■ Directions ■
Repeat each of these records exactly.
[Data supplied — start]
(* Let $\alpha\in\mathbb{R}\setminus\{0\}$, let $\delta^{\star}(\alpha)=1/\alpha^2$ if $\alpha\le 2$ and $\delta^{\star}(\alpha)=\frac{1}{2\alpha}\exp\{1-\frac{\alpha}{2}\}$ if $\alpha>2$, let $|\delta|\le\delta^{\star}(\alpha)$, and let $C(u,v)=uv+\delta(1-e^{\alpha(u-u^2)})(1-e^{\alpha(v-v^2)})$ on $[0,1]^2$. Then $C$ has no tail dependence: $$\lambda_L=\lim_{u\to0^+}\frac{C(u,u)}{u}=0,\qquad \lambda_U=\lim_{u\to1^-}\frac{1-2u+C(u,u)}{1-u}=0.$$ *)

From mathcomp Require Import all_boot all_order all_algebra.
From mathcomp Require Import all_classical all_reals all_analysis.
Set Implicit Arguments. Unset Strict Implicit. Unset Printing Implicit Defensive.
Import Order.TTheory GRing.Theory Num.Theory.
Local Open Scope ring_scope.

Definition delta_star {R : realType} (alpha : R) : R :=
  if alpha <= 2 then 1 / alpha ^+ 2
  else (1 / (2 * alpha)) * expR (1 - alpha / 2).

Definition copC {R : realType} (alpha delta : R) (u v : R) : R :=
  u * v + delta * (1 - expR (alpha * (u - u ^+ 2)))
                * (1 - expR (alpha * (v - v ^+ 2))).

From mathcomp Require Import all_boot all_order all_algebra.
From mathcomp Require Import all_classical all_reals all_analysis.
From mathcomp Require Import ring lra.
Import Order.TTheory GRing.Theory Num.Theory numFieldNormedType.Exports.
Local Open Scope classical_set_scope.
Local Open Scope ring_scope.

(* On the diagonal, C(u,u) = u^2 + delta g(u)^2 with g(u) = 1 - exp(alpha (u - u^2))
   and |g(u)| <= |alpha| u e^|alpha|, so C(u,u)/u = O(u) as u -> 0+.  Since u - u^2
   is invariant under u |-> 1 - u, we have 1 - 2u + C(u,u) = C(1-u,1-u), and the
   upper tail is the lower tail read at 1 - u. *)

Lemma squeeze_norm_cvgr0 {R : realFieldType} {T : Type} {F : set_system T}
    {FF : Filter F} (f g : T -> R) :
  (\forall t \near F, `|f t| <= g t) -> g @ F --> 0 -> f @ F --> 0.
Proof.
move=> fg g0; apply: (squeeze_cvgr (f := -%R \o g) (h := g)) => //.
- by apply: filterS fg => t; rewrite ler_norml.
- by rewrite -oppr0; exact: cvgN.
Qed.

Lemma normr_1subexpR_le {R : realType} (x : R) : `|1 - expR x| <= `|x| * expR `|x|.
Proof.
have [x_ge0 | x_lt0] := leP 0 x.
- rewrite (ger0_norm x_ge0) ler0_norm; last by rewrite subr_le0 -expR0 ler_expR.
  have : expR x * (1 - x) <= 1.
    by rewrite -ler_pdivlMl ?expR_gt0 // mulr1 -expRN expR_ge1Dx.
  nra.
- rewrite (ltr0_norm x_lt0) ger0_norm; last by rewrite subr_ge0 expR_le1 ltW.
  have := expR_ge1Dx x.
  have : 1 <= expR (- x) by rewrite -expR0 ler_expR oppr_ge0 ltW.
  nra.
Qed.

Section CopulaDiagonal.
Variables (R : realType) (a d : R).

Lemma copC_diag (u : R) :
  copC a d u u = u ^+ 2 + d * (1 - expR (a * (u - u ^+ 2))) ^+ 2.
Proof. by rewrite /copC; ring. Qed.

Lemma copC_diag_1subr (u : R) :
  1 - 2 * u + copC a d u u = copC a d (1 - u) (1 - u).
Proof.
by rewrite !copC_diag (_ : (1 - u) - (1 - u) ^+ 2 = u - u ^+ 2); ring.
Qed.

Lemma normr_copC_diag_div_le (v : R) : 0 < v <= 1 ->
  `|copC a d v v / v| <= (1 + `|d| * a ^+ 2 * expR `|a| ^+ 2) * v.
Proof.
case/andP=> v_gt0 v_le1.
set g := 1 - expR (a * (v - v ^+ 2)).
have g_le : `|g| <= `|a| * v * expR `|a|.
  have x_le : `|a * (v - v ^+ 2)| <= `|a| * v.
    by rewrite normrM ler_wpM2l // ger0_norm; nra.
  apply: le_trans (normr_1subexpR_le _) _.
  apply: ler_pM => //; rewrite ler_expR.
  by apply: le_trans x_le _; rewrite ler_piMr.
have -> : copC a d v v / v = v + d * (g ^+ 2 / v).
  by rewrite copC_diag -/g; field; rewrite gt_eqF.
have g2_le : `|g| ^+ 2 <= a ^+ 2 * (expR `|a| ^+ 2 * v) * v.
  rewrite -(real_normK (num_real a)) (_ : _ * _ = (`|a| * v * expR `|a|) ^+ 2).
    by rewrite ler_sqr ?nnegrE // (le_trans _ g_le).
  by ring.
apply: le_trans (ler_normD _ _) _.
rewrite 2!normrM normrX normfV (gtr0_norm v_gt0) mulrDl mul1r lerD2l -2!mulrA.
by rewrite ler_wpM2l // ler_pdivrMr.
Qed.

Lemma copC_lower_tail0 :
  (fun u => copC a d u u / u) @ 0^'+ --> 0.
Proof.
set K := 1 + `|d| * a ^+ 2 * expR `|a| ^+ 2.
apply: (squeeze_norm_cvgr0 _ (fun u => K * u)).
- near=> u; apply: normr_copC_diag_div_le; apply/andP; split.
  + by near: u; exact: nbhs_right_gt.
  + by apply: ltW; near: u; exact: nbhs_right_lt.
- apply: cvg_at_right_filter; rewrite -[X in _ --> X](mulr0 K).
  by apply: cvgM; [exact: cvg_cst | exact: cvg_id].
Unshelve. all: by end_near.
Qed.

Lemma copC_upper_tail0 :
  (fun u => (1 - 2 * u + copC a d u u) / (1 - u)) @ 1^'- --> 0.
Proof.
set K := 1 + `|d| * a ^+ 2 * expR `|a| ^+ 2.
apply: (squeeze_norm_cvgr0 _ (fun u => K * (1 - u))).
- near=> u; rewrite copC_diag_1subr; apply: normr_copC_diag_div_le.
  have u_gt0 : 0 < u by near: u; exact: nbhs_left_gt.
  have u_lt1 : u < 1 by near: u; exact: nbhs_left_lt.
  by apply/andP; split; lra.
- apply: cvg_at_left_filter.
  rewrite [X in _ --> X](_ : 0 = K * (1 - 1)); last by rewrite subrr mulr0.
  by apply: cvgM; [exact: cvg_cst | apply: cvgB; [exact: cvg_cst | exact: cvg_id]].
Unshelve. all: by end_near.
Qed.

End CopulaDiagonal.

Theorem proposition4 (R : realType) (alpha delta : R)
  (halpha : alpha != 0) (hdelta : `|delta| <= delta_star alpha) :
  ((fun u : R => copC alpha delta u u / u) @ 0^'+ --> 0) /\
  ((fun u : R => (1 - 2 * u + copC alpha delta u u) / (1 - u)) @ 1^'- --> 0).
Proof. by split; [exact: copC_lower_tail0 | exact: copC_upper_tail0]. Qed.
[Data supplied — finish]
■ Exercise answer ■
(* Let $\alpha\in\mathbb{R}\setminus\{0\}$, let $\delta^{\star}(\alpha)=1/\alpha^2$ if $\alpha\le 2$ and $\delta^{\star}(\alpha)=\frac{1}{2\alpha}\exp\{1-\frac{\alpha}{2}\}$ if $\alpha>2$, let $|\delta|\le\delta^{\star}(\alpha)$, and let $C(u,v)=uv+\delta(1-e^{\alpha(u-u^2)})(1-e^{\alpha(v-v^2)})$ on $[0,1]^2$. Then $C$ has no tail dependence: $$\lambda_L=\lim_{u\to0^+}\frac{C(u,u)}{u}=0,\qquad \lambda_U=\lim_{u\to1^-}\frac{1-2u+C(u,u)}{1-u}=0.$$ *)

From mathcomp Require Import all_boot all_order all_algebra.
From mathcomp Require Import all_classical all_reals all_analysis.
Set Implicit Arguments. Unset Strict Implicit. Unset Printing Implicit Defensive.
Import Order.TTheory GRing.Theory Num.Theory.
Local Open Scope ring_scope.

Definition delta_star {R : realType} (alpha : R) : R :=
  if alpha <= 2 then 1 / alpha ^+ 2
  else (1 / (2 * alpha)) * expR (1 - alpha / 2).

Definition copC {R : realType} (alpha delta : R) (u v : R) : R :=
  u * v + delta * (1 - expR (alpha * (u - u ^+ 2)))
                * (1 - expR (alpha * (v - v ^+ 2))).

From mathcomp Require Import all_boot all_order all_algebra.
From mathcomp Require Import all_classical all_reals all_analysis.
From mathcomp Require Import ring lra.
Import Order.TTheory GRing.Theory Num.Theory numFieldNormedType.Exports.
Local Open Scope classical_set_scope.
Local Open Scope ring_scope.

(* On the diagonal, C(u,u) = u^2 + delta g(u)^2 with g(u) = 1 - exp(alpha (u - u^2))
   and |g(u)| <= |alpha| u e^|alpha|, so C(u,u)/u = O(u) as u -> 0+.  Since u - u^2
   is invariant under u |-> 1 - u, we have 1 - 2u + C(u,u) = C(1-u,1-u), and the
   upper tail is the lower tail read at 1 - u. *)

Lemma squeeze_norm_cvgr0 {R : realFieldType} {T : Type} {F : set_system T}
    {FF : Filter F} (f g : T -> R) :
  (\forall t \near F, `|f t| <= g t) -> g @ F --> 0 -> f @ F --> 0.
Proof.
move=> fg g0; apply: (squeeze_cvgr (f := -%R \o g) (h := g)) => //.
- by apply: filterS fg => t; rewrite ler_norml.
- by rewrite -oppr0; exact: cvgN.
Qed.

Lemma normr_1subexpR_le {R : realType} (x : R) : `|1 - expR x| <= `|x| * expR `|x|.
Proof.
have [x_ge0 | x_lt0] := leP 0 x.
- rewrite (ger0_norm x_ge0) ler0_norm; last by rewrite subr_le0 -expR0 ler_expR.
  have : expR x * (1 - x) <= 1.
    by rewrite -ler_pdivlMl ?expR_gt0 // mulr1 -expRN expR_ge1Dx.
  nra.
- rewrite (ltr0_norm x_lt0) ger0_norm; last by rewrite subr_ge0 expR_le1 ltW.
  have := expR_ge1Dx x.
  have : 1 <= expR (- x) by rewrite -expR0 ler_expR oppr_ge0 ltW.
  nra.
Qed.

Section CopulaDiagonal.
Variables (R : realType) (a d : R).

Lemma copC_diag (u : R) :
  copC a d u u = u ^+ 2 + d * (1 - expR (a * (u - u ^+ 2))) ^+ 2.
Proof. by rewrite /copC; ring. Qed.

Lemma copC_diag_1subr (u : R) :
  1 - 2 * u + copC a d u u = copC a d (1 - u) (1 - u).
Proof.
by rewrite !copC_diag (_ : (1 - u) - (1 - u) ^+ 2 = u - u ^+ 2); ring.
Qed.

Lemma normr_copC_diag_div_le (v : R) : 0 < v <= 1 ->
  `|copC a d v v / v| <= (1 + `|d| * a ^+ 2 * expR `|a| ^+ 2) * v.
Proof.
case/andP=> v_gt0 v_le1.
set g := 1 - expR (a * (v - v ^+ 2)).
have g_le : `|g| <= `|a| * v * expR `|a|.
  have x_le : `|a * (v - v ^+ 2)| <= `|a| * v.
    by rewrite normrM ler_wpM2l // ger0_norm; nra.
  apply: le_trans (normr_1subexpR_le _) _.
  apply: ler_pM => //; rewrite ler_expR.
  by apply: le_trans x_le _; rewrite ler_piMr.
have -> : copC a d v v / v = v + d * (g ^+ 2 / v).
  by rewrite copC_diag -/g; field; rewrite gt_eqF.
have g2_le : `|g| ^+ 2 <= a ^+ 2 * (expR `|a| ^+ 2 * v) * v.
  rewrite -(real_normK (num_real a)) (_ : _ * _ = (`|a| * v * expR `|a|) ^+ 2).
    by rewrite ler_sqr ?nnegrE // (le_trans _ g_le).
  by ring.
apply: le_trans (ler_normD _ _) _.
rewrite 2!normrM normrX normfV (gtr0_norm v_gt0) mulrDl mul1r lerD2l -2!mulrA.
by rewrite ler_wpM2l // ler_pdivrMr.
Qed.

Lemma copC_lower_tail0 :
  (fun u => copC a d u u / u) @ 0^'+ --> 0.
Proof.
set K := 1 + `|d| * a ^+ 2 * expR `|a| ^+ 2.
apply: (squeeze_norm_cvgr0 _ (fun u => K * u)).
- near=> u; apply: normr_copC_diag_div_le; apply/andP; split.
  + by near: u; exact: nbhs_right_gt.
  + by apply: ltW; near: u; exact: nbhs_right_lt.
- apply: cvg_at_right_filter; rewrite -[X in _ --> X](mulr0 K).
  by apply: cvgM; [exact: cvg_cst | exact: cvg_id].
Unshelve. all: by end_near.
Qed.

Lemma copC_upper_tail0 :
  (fun u => (1 - 2 * u + copC a d u u) / (1 - u)) @ 1^'- --> 0.
Proof.
set K := 1 + `|d| * a ^+ 2 * expR `|a| ^+ 2.
apply: (squeeze_norm_cvgr0 _ (fun u => K * (1 - u))).
- near=> u; rewrite copC_diag_1subr; apply: normr_copC_diag_div_le.
  have u_gt0 : 0 < u by near: u; exact: nbhs_left_gt.
  have u_lt1 : u < 1 by near: u; exact: nbhs_left_lt.
  by apply/andP; split; lra.
- apply: cvg_at_left_filter.
  rewrite [X in _ --> X](_ : 0 = K * (1 - 1)); last by rewrite subrr mulr0.
  by apply: cvgM; [exact: cvg_cst | apply: cvgB; [exact: cvg_cst | exact: cvg_id]].
Unshelve. all: by end_near.
Qed.

End CopulaDiagonal.

Theorem proposition4 (R : realType) (alpha delta : R)
  (halpha : alpha != 0) (hdelta : `|delta| <= delta_star alpha) :
  ((fun u : R => copC alpha delta u u / u) @ 0^'+ --> 0) /\
  ((fun u : R => (1 - 2 * u + copC alpha delta u u) / (1 - u)) @ 1^'- --> 0).
Proof. by split; [exact: copC_lower_tail0 | exact: copC_upper_tail0]. Qed.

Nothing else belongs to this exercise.